At the end of class one day, I made the comment, "A black belt is just a white belt who didn't quit." Later, it came to my attention that at least one student entirely missed my point.
There are always those students who struggle with the idea of rank and with the concept of respect within the martial arts. I've even encountered a few (thankfully very, very few) students who seem to want to turn the idea of rank on its head. They expect the higher ranking students to show them unreasonable respect, to follow their wishes, to teach what and when and how the white belt demands it, and they expect the Sensei to promote them when the student wants. Such students will attempt to argue with an instructor as to whether a technique was done correctly, will claim it is disprespectful to be asked to participate fully in a class, and will often simply refuse to do what is requested of them.
Our dojo isn't overly strict. We aren't "old school". We aren't terribly formal. In fact, I often tend to think that we are too relaxed. So it surprises me when a student balks at the very concept of rank and bristles at being expected to behave respectfully towards instructors and other students. These kind of students, thankfully, are rare. But they are, for the most part, unteachable. They often have their own agenda in class, and they resent that their agenda is not given priority.
In every case, those students have been adults.
And that's where I think the difficulty lies.
In our dojo, we have family classes. We line up in every class by rank and, within rank, by age. Rank is more important than age. This is something the founder of our system established. It's a bitter pill to swallow for some adults. I know. I began training as an adult and was sometimes taught by instructors younger than some of my own children. It is an exercise in humility. That's the point. Training in humility is essential in the martial arts.
Yes, a black belt is just a white belt who didn't quit. By the same token, an adult is just a baby who has lived longer...or who was born before the younger babies. But---an adult is NOT a baby. Not any more. A black belt is NOT a white belt. Not any more. That's why we don't treat adults like babies and why we no longer treat black belts like white belts.
That's a hard concept for some students. It is hard for them to accept that, in the martial arts, respect is earned. Rank is a recognition that respect has been earned. The greater the rank, the greater the amount of respect that has been earned.
I reminded my students of these things. I reminded them of what I often say, "Practice makes permanent." As adults, we've had many more years of practicing various attitudes and character traits. What have we made permanent?
In the dojo, the student's character will eventually be revealed. If the student has been practicing integrity, that will shine. If he or she has been practicing respect, humility, and a teachable spirit, that student will be setting an example for other students in those areas. Unfortunately, some adult students have spent years practicing pride, arrogance, disprespect, and a lack of integrity. That eventually becomes glaringly obvious to us as instructors, and we are faced with the problem of having to deal with these issues.

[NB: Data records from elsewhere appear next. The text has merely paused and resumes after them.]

Lemma nondecreasing_of_derive_nonneg (G dG : R -> R) x y :
  x <= y ->
  (forall s, x <= s <= y -> is_derive G s (dG s)) ->
  (forall s, x <= s <= y -> 0 <= dG s) ->
  G x <= G y.
Proof.
  intros Hxy HG Hpos.
  destruct (MVT_gen G x y dG) as [c [Hc Heq]].
  - intros s Hs. rewrite Rmin_left, Rmax_right in Hs by lra. apply HG; lra.
  - intros s Hs. rewrite Rmin_left, Rmax_right in Hs by lra.
    apply continuity_pt_filterlim, (ex_derive_continuous (K := R_AbsRing) (V := R_NormedModule)).
    exists (dG s). apply HG; lra.
  - rewrite Rmin_left, Rmax_right in Hc by lra.
    assert (0 <= dG c * (y - x)) by (apply Rmult_le_pos; [apply Hpos |]; lra).
    lra.
Qed.

Lemma abs_sub_le_of_derive_dominated (g dg G dG : R -> R) x y :
  x <= y ->
  (forall s, x <= s <= y -> is_derive g s (dg s)) ->
  (forall s, x <= s <= y -> is_derive G s (dG s)) ->
  (forall s, x <= s <= y -> Rabs (dg s) <= dG s) ->
  Rabs (g y - g x) <= G y - G x.
Proof.
  intros Hxy Hg HG Hdom.
  assert (Hlow : G x - g x <= G y - g y).
  { apply (nondecreasing_of_derive_nonneg (fun s => G s - g s) (fun s => dG s - dg s)); [lra | |].
    - intros s Hs. apply is_derive_Rminus; auto.
    - intros s Hs. pose proof (proj1 (Rabs_le_between _ _) (Hdom s Hs)); lra. }
  assert (Hup : G x + g x <= G y + g y).
  { apply (nondecreasing_of_derive_nonneg (fun s => G s + g s) (fun s => dG s + dg s)); [lra | |].
    - intros s Hs. apply is_derive_Rplus; auto.
    - intros s Hs. pose proof (proj1 (Rabs_le_between _ _) (Hdom s Hs)); lra. }
  apply Rabs_le. lra.
Qed.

Some instructors have told me that they no longer teach adults. They think the adults are past the point of being able to learn the "way of the warrior", to have their characters molded in a positive way. Others have told me they teach adults separately, and concentrate on techniques and fitness, rather than on the martial arts as a way of human growth and development.

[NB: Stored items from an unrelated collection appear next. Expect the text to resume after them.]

(* Let $(b,c)\in\{(1,4),(4,1)\}$. (1) Let $x,y$ be non-commuting indeterminates and $C=xyx^{-1}y^{-1}$. Let $(R_n)_{n\in\mathbb Z}$ be the solution of the $(b,c)$-system with $C$ as the coefficient and initial data $R_0=yxy^{-1}$, $R_1=y$ (so that $CR_0=x$). Then for every $n\in\mathbb Z$, $R_n$ is a Laurent polynomial in $x,y$ with non-negative integer coefficients. (2) Let $X,Y$ be non-commuting indeterminates and $C=XYX^{-1}Y^{-1}$. Let $(R_n)_{n\in\mathbb Z}$ be the solution of the $(b,c)$-system with $C$ as the coefficient and initial data $R_1=YXY^{-1}$, $R_2=Y$ (so that $CR_1=X$). Then for every $n\in\mathbb Z$, $R_n$ is a Laurent polynomial in $X,Y$ with non-negative integer coefficients.
   Context: For two non-commuting indeterminates $u,v$ (here $u,v$ stands for $x,y$ or $X,Y$), work in the free skew field over $\mathbb C$ generated by $u,v$, i.e. the skew field of non-commutative rational functions in $u,v$. A (non-commutative) Laurent polynomial in $u,v$ is a $\mathbb Z$-linear combination of words (Laurent monomials) in $u^{\pm1},v^{\pm1}$. It has non-negative integer coefficients if all coefficients of its expansion in reduced words are in $\mathbb Z_{\ge 0}$. For non-negative integers $b,c$ and a given element $C$, the $(b,c)$-system is the recursion $$R_{n+1}\,C\,R_{n-1}=\begin{cases}1+R_n^{b}, & n\text{ odd},\\ 1+R_n^{c}, & n \text{ even},\end{cases}\qquad n\in\mathbb Z.$$ Given two consecutive values, this recursion determines $R_n$ uniquely for all $n\in\mathbb Z$. *)

(* The integral group ring Z[F_2] of the free group on two
   generators, i.e. non-commutative Laurent polynomials in two variables. *)
From mathcomp Require Import all_boot all_order all_algebra.
Set Implicit Arguments. Unset Strict Implicit. Unset Printing Implicit Defensive.
Import GRing.Theory Num.Theory.
Local Open Scope ring_scope.

(* A letter: (generator, inverted?).  generator false = x (or X), true = y (or Y). *)
Definition letter := (bool * bool)%type.
Definition word := seq letter.
Definition inv_letter (l : letter) : letter := (l.1, ~~ l.2).

Fixpoint red (w : word) : word :=
  match w with
  | [::] => [::]
  | a :: w' =>
      match red w' with
      | b :: r' => if b == inv_letter a then r' else a :: b :: r'
      | [::] => [:: a]
      end
  end.

(* A Laurent polynomial is represented by a finite formal Z-combination of
   words; two representations are identified when all coefficients on
   reduced words agree. *)
Definition LP := seq (int * word).

Definition coef (p : LP) (w : word) : int :=
  \sum_(t <- p | red t.2 == w) t.1.

Definition lp_eq (p q : LP) : Prop := forall w : word, coef p w = coef q w.

Definition lp_add (p q : LP) : LP := p ++ q.
Definition lp_mul (p q : LP) : LP :=
  [seq (t.1 * s.1, t.2 ++ s.2) | t <- p, s <- q].
Definition lp_one : LP := [:: (1, [::])].
Definition lp_pow (p : LP) (n : nat) : LP := iter n (lp_mul p) lp_one.
Definition lp_word (w : word) : LP := [:: (1, w)].

Definition lp_nonneg (p : LP) : Prop := forall w : word, 0 <= coef p w.

Definition gx : letter := (false, false).
Definition gxi : letter := (false, true).
Definition gy : letter := (true, false).
Definition gyi : letter := (true, true).

Definition Ccoef : LP := lp_word [:: gx; gy; gxi; gyi].

Definition bc_system (b c : nat) (C : LP) (R : int -> LP) : Prop :=
  forall n : int,
    lp_eq (lp_mul (lp_mul (R (n + 1)) C) (R (n - 1)))
          (lp_add lp_one (lp_pow (R n) (if odd `|n|%N then b else c))).

(* For (b, c) = (1, 4) the even terms a_k = R_2k of the solution obey the
   linear recurrence a_(k+2) = a_(k+1) K - a_k C^-1 for an explicit K = A + B,
   and the odd terms are R_(2k+1) = a_(k+1) C a_k - 1.  Four polynomial
   identities in (a_k, a_(k+1)), checked on the initial values, are preserved
   by the recurrence and imply the relations of the system.  The subtraction in
   the recurrence disappears once a_(k+1) is tracked together with
   a_(k+1) B - a_k C^-1, B C a_(k+1) - C a_k and a_(k+2) C a_(k+1) - 1: these
   evolve with non-negative coefficients, given that M = A B - C^-1 and
   M' = B C A - 1 have them.  For (4, 1) even and odd indices swap roles.
   Negative indices come from the anti-automorphism of the free group that fixes
   C and exchanges y and y x y^-1, and part (2) is part (1) for (c, b) shifted
   by one. *)

From HB Require Import structures.
From mathcomp Require Import all_boot all_order all_algebra.
From mathcomp Require Import generic_quotient zify.
Set Implicit Arguments. Unset Strict Implicit. Unset Printing Implicit Defensive.
Import GRing.Theory Num.Theory.
Local Open Scope quotient_scope.
Local Open Scope ring_scope.

(** * Free reduction *)

Definition cons_red (a : letter) (s : word) : word :=
  if s is b :: r then (if b == inv_letter a then r else a :: b :: r) else [:: a].

Lemma red_cons a w : red (a :: w) = cons_red a (red w).
Proof. by []. Qed.

Fixpoint reduced (w : word) : bool :=
  if w is a :: ((b :: _) as w') then (b != inv_letter a) && reduced w' else true.

Lemma inv_letterK : involutive inv_letter.
Proof. by case=> a b; rewrite /inv_letter /= negbK. Qed.

Lemma reduced_behead a w : reduced (a :: w) -> reduced w.
Proof. by case: w => //= b w /andP[]. Qed.

Lemma reduced_cons_red a s : reduced s -> reduced (cons_red a s).
Proof.
case: s => [|b r] //= h; case: ifP => e; last by rewrite /= h andbT e.
by move: h; case: r => //= c r /andP[].
Qed.

Lemma reduced_red w : reduced (red w).
Proof. by elim: w => [|a w IH] //=; apply: (reduced_cons_red a IH). Qed.

Lemma red_reduced w : reduced w -> red w = w.
Proof.
elim: w => [|a w IH] // h; rewrite red_cons IH ?(reduced_behead h) //.
by case: w h {IH} => //= b r /andP[/negbTE -> _].
Qed.

Lemma red_idem w : red (red w) = red w.
Proof. exact/red_reduced/reduced_red. Qed.

Lemma cons_redK a t : reduced t -> cons_red a (cons_red (inv_letter a) t) = t.
Proof.
case: t => [|b r] /=; first by rewrite eqxx.
rewrite inv_letterK; case: eqP => [->|ne] h; last by rewrite /= eqxx.
by case: r h => [|c r] //= /andP[ne' _]; rewrite (negbTE ne').
Qed.

Lemma red_catr u v : red (u ++ v) = red (u ++ red v).
Proof. by elim: u => [|a u IH] /=; [rewrite red_idem | rewrite IH]. Qed.

Lemma red_cons_red_cat a s v :
  reduced s -> red (cons_red a s ++ v) = cons_red a (red (s ++ v)).
Proof.
case: s => [|b r] //= h; case: eqP => [->|_] //=.
by rewrite cons_redK //; apply: reduced_red.
Qed.

Lemma red_catl u v : red (u ++ v) = red (red u ++ v).
Proof.
elim: u => [|a u IH] //.
by rewrite cat_cons !red_cons IH red_cons_red_cat // reduced_red.
Qed.

Lemma red_cat u v : red (u ++ v) = red (red u ++ red v).
Proof. by rewrite red_catl red_catr. Qed.

Definition winv (w : word) : word := rev (map inv_letter w).

Lemma winv_cat u v : winv (u ++ v) = winv v ++ winv u.
Proof. by rewrite /winv map_cat rev_cat. Qed.

Lemma winv_cons a w : winv (a :: w) = winv w ++ [:: inv_letter a].
Proof. by rewrite /winv /= rev_cons cats1. Qed.

Lemma winvK : involutive winv.
Proof.
move=> w; rewrite /winv map_rev revK -map_comp map_id_in // => l _ /=.
exact: inv_letterK.
Qed.

Lemma red_cat_winv w : red (w ++ winv w) = [::].
Proof.
elim: w => [|a w IH] //.
by rewrite winv_cons cat_cons red_cons catA red_catl IH /= eqxx.
Qed.

Lemma red_winv_cat w : red (winv w ++ w) = [::].
Proof. by rewrite -{2}(winvK w) red_cat_winv. Qed.

Lemma red_cat_eqL u v w : red w = w ->
  (red (u ++ v) == w) = (red u == red (w ++ winv v)).
Proof.
move=> hw; apply/eqP/eqP => h.
  by rewrite -{}h -red_catl -catA red_catr red_cat_winv cats0.
by rewrite red_catl h -red_catl -catA red_catr red_winv_cat cats0 hw.
Qed.

Lemma red_cat_eqR u v w : red w = w ->
  (red (u ++ v) == w) = (red v == red (winv u ++ w)).
Proof.
move=> hw; apply/eqP/eqP => h.
  by rewrite -{}h -red_catr catA red_catl red_winv_cat.
by rewrite red_catr h -red_catr catA red_catl red_cat_winv /= hw.
Qed.

(** * The group ring Z[F_2] *)

Lemma coef_cat p q w : coef (p ++ q) w = coef p w + coef q w.
Proof. by rewrite /coef big_cat. Qed.

Lemma coef_nonreduced p w : red w != w -> coef p w = 0.
Proof.
move=> hw; rewrite /coef big1 // => t /eqP ht.
by move: hw; rewrite -ht red_idem eqxx.
Qed.

Lemma coef_notin p w : w \notin [seq red t.2 | t <- p] -> coef p w = 0.
Proof.
move=> hn; rewrite /coef big1_seq // => t /andP[/eqP e tin].
by move: hn; rewrite -e (map_f (fun t : int * word => red t.2) tin).
Qed.

Lemma coef_mull p q w : red w = w ->
  coef (lp_mul p q) w = \sum_(s <- q) coef p (red (w ++ winv s.2)) * s.1.
Proof.
move=> hw; rewrite /coef /lp_mul big_mkcond big_allpairs_dep /= exchange_big /=.
apply: eq_bigr => s _; rewrite [in RHS]big_mkcond mulr_suml; apply: eq_bigr => t _.
by rewrite red_cat_eqL //; case: ifP; rewrite ?mul0r.
Qed.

I don't like to have such a hopeless view of adults. I think, with God's help, we can overcome years of bad practice and replace that with the practice of what is good. I think the martial arts, as I try to teach them, are a wonderful vehicle for change, growth, and empowerment.

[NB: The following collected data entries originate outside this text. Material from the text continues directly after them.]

Lemma proper_divisors_of_deg_uniq i : (0 < i < j)%N -> uniq (proper_divisors_of_deg i).
Proof.
move=> i0j; rewrite cat_uniq !map_inj_uniq ?iota_uniq ?andbT => [|t t' /eqP|t t' /eqP];
  rewrite ?eq_mnm4; try lia.
by apply/hasPn => _ /mapP[t _ ->]; apply/mapP => -[t' _ /eqP]; rewrite eq_mnm4; lia.
Qed.

Lemma size_proper_divisors_of_deg i :
  size (proper_divisors_of_deg i) =
  ((minn p i - (i - (j - p))).+1 + (minn q i - (i - (j - q))).+1)%N.
Proof. by rewrite size_cat !size_map !size_iota. Qed.
End TwoMonomials.

(* For a = p + q + 2 with p, q in {1, 2}, take F = w^(j-p) x^p + y^(j-q) z^q. *)
Lemma gorenstein_sequence_Hseq (K : closedFieldType) j a :
  (6 <= j)%N -> (4 <= a <= 6)%N -> gorenstein_sequence K (Hseq j a) j.
Proof.
move=> j6 a46; pose p := if a == 4%N then 1%N else 2%N; pose q := if a == 6%N then 2%N else 1%N.
have p12 : (1 <= p <= 2)%N by rewrite /p; case: ifP.
have q12 : (1 <= q <= 2)%N by rewrite /q; case: ifP.
have a_pq : a = (p + q + 2)%N by rewrite /p /q; do 2 case: eqP; lia.
have [m12 deg_m1 deg_m2 disjoint_m12] := two_monomials_props j6 p12 q12.
have Hj : Hseq j a j = 1%N by rewrite /Hseq; do 3 (case: eqP => [?|_]; first by lia); rewrite eqxx.
exists (ann2 (mnm4 (j - p) p 0 0) (mnm4 0 0 (j - q) q)); split.
- exact: ann2_homogeneous deg_m1 deg_m2.
- exact: gorenstein_ann2 m12 deg_m1 deg_m2 disjoint_m12.
- move=> [_|i]; last rewrite leq_eqVlt => /orP[/eqP-> | i_j].
  + apply: (hilb_val_ann2 _ deg_m1 deg_m2 (L := [:: 0%MM])) => // [|m]; first lia.
    have -> : 0%MM = mnm4 0 0 0 0 by apply/mnmP => i; rewrite mnm4E mnm0E; case: i => -[|[|[|[|]]]].
    by rewrite [m]mnm4_eta mem_seq1 /proper_divisor2 !lepm_mnm4 !eq_mnm4 mdeg_mnm4; lia.
  + by rewrite Hj; apply: hilb_val_ann2_top.
  have -> : Hseq j a i.+1 = size (proper_divisors_of_deg j p q i.+1).
    rewrite size_proper_divisors_of_deg /Hseq.
    by do 4 (case: eqP => [?|?]; first by lia); rewrite i_j; lia.
  apply: (hilb_val_ann2 _ deg_m1 deg_m2); first by lia.
    by apply: proper_divisors_of_deg_uniq; lia.
  by move=> m; apply: mem_proper_divisors_of_deg; lia.
- by rewrite Hj.
- by move=> i; apply: hilb_val_ann2_high.
Qed.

I'm going to continue teaching adults. I'm going to continue to invest myself in them, to give them the same benefits of training that I've received, to pass on the lessons I've learned, to pour out my time and energy on them.
But, at the same time, I'm learning that I cannot allow adult students to disrupt the class, to endanger the safety of other students and instructors, to attempt to humiliate other students, to threaten students and instructors, to lose their tempers and stomp off the workout area, to push and shove the younger instructors, to lie to instructors, to insist on being able to determine their own rank in class, or to do any of the other outrageous things I've seen a few bad apples do over the years.
My commitment is to all of my students. In our classes, the adults are not any more important than the children. I have to do what is best for my classes as a whole, what is best for each student. Sometimes that may mean reminding a student what the martial arts are all about. Yes, there is contact. Yes, we grapple. Yes, we spar. Yes, we sweat. Yes, you have to learn kata. Yes, we have to say "yes, ma'am" and "yes, sir". Yes, you will have to work. Yes, you will have to follow instructions. Yes, respect for upper belts is part of the martial arts. No, after six months of sporadic training, you are not an expert on the martial arts. Yes, there is a hierarchy in the martial arts. Ours is a lot less rigid than other dojos. But it does exist. Yes, you will have to treat your fellow students with courtesty and respect. Yes, we expect you to take other students' safety into consideration. If all of that impossible to accept, the martial arts---or at least as we understand them in our dojo---are probably not a good fit for you.
As adults, we are supposed to be the mature ones.
But, then again, practice makes permanent.